= AIM OF THE EXERCISE =
Give the count of lines in the records below that contain "betaI", with no other words.

+++ PROVIDED ENTRIES +++

(* For any Poisson $H$-pseudoalgebra $V$ and $a_1,\dots,a_m,b_1,\dots,b_n\in V$, $[(a_1\cdots a_m)*(b_1\cdots b_n)]=\sum_{i=1}^m\sum_{j=1}^n\epsilon_{ij}\,(a_1\cdots a_{i-1}a_{i+1}\cdots a_m)\,[a_i*b_j]\,(b_1\cdots b_{j-1}b_{j+1}\cdots b_n)$, where $\epsilon_{ij}=(-1)^{p(a_i)(p(a_{i+1})+\dots+p(a_m))+p(b_j)(p(b_1)+\dots+p(b_{j-1}))}$.
   Context: $H$ is a cocommutative Hopf algebra over a field $\mathbb F$ of characteristic $0$ (purely even), coproduct $\Delta(h)=h_{(1)}\otimes h_{(2)}$, antipode $S$, $h_{(1)}\otimes h_{(-2)}:=(\mathrm{id}\otimes S)\Delta(h)$. $(H\otimes H)\otimes_HV$ is the quotient of $H\otimes H\otimes V$ by $(fh_{(1)}\otimes gh_{(2)})\otimes e=(f\otimes g)\otimes he$. A Poisson $H$-pseudoalgebra is a vector superspace $V$ (parity $p$) with a left $H$-module structure, an even supercommutative associative product with $h(ab)=(h_{(1)}a)(h_{(2)}b)$, and an even pseudobracket $[a*b]\in(H\otimes H)\otimes_HV$ making $V$ a Lie $H$-pseudoalgebra ($H$-bilinearity $[fa*gb]=((f\otimes g)\otimes_H1)[a*b]$, skewsymmetry and Jacobi identity) and satisfying $[a*bc]=[a*b]c+(-1)^{p(b)p(c)}[a*c]b$. For $a,c\in V$ and $B=(f\otimes g)\otimes_Hb$, the products are $aB:=(f_{(1)}\otimes g)\otimes_H(f_{(-2)}a)b$ and $Bc:=(f\otimes g_{(1)})\otimes_Hb(g_{(-2)}c)$, extended linearly; they are well defined and satisfy $(aB)c=a(Bc)$, which gives meaning to the triple products in the claim (empty products of elements of $V$ being omitted). *)

From HB Require Import structures.
From mathcomp Require Import all_boot all_order all_algebra.
Set Implicit Arguments. Unset Strict Implicit. Unset Printing Implicit Defensive.
Import GRing.Theory.
Local Open Scope ring_scope.
(** Simple (simply connected) polygon with boundary oriented anticlockwise:
    nondegenerate sides, non-adjacent sides disjoint, adjacent sides meeting
    only at their common vertex, positive signed area. *)
Definition simple_ccw_polygon (d : nat) (v : nat -> pt) : Prop :=
  (3 <= d)%nat /\
  (forall i, (i < d)%nat -> vert d v i <> vert d v (S i)) /\
  (forall i j p, (i < d)%nat -> (j < d)%nat -> i <> j ->
     on_segment (vert d v i) (vert d v (S i)) p ->
     on_segment (vert d v j) (vert d v (S j)) p ->
     (j = Nat.modulo (S i) d /\ p = vert d v (S i)) \/
     (i = Nat.modulo (S j) d /\ p = vert d v (S j))) /\
  0 < rsum 0 d (fun i => det (vert d v i) (vert d v (S i))).

Definition on_boundary (d : nat) (v : nat -> pt) (p : pt) : Prop :=
  exists i, (i < d)%nat /\ on_segment (vert d v i) (vert d v (S i)) p.

(** Arc-length parameter: side i corresponds to s in [arc_start i, arc_start (i+1)]. *)
Definition arc_start d v (i : nat) : R := rsum 0 i (fun m => side_len d v m).

(** x_i : arc-length parametrisation of the line l_i extending that of side i *)
Definition xline d v (i : nat) (s : R) : pt :=
  vadd (vert d v i) (vscal (s - arc_start d v i) (unit_dir d v i)).

(** Convention (forced by the definition of beta and Phi_{i,j} below):
    theta > 0 tilts the direction towards the orientation of the side. *)
Definition ray_dir d v (i : nat) (theta : R) : pt :=
  vadd (vscal (cos theta) (in_normal d v i)) (vscal (sin theta) (unit_dir d v i)).

(** beta_{i,j} = pi - (oriented angle from side i to side j),
    representative in (-pi, pi]: cos beta = - u_i.u_j, sin beta = det(u_i,u_j). *)
Definition beta d v (i j : nat) : R :=
  let c := - dot (unit_dir d v i) (unit_dir d v j) in
  if Rle_dec 0 (det (unit_dir d v i) (unit_dir d v j)) then acos c else - acos c.

(** t(s,theta): oriented length from x_i(s) to the intersection with l_j *)
Definition tlen d v (i j : nat) (s theta : R) : R :=
  det (vsub (vert d v j) (xline d v i s)) (unit_dir d v j) /
  det (ray_dir d v i theta) (unit_dir d v j).

Definition Phi_ij d v (i j : nat) (st : R * R) : R * R :=
  let s := fst st in let theta := snd st in
  let q := vadd (xline d v i s) (vscal (tlen d v i j s theta) (ray_dir d v i theta)) in
  (arc_start d v j + dot (vsub q (vert d v j)) (unit_dir d v j), beta d v i j - theta).

Definition R_lam (lam : R) (st : R * R) : R * R := (fst st, lam * snd st).

Definition genuine_step d v (i j : nat) (st : R * R) : Prop :=
  let s := fst st in let theta := snd st in
  (i < d)%nat /\ (j < d)%nat /\ i <> j /\
  arc_start d v i < s < arc_start d v (S i) /\
  - (PI / 2) < theta < PI / 2 /\
  - (PI / 2) < beta d v i j - theta < PI / 2 /\
  0 < tlen d v i j s theta /\
  arc_start d v j < fst (Phi_ij d v i j st) < arc_start d v (S j) /\
  (forall tau, 0 < tau < tlen d v i j s theta ->
     ~ on_boundary d v (vadd (xline d v i s) (vscal tau (ray_dir d v i theta)))).

Definition itI (n : nat) (itin : nat -> nat) (k : nat) : nat :=
  itin (Nat.modulo k (2 * n)).

Definition betaI d v n itin (k : nat) : R :=
  beta d v (itI n itin k) (itI n itin (S k)).

Definition theta0hat d v n itin : R :=
  / INR (2 * n) * rsum 0 (2 * n) (fun k => (-1) ^ (S k) * INR k * betaI d v n itin k).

+++

= YOUR RESPONSE =
2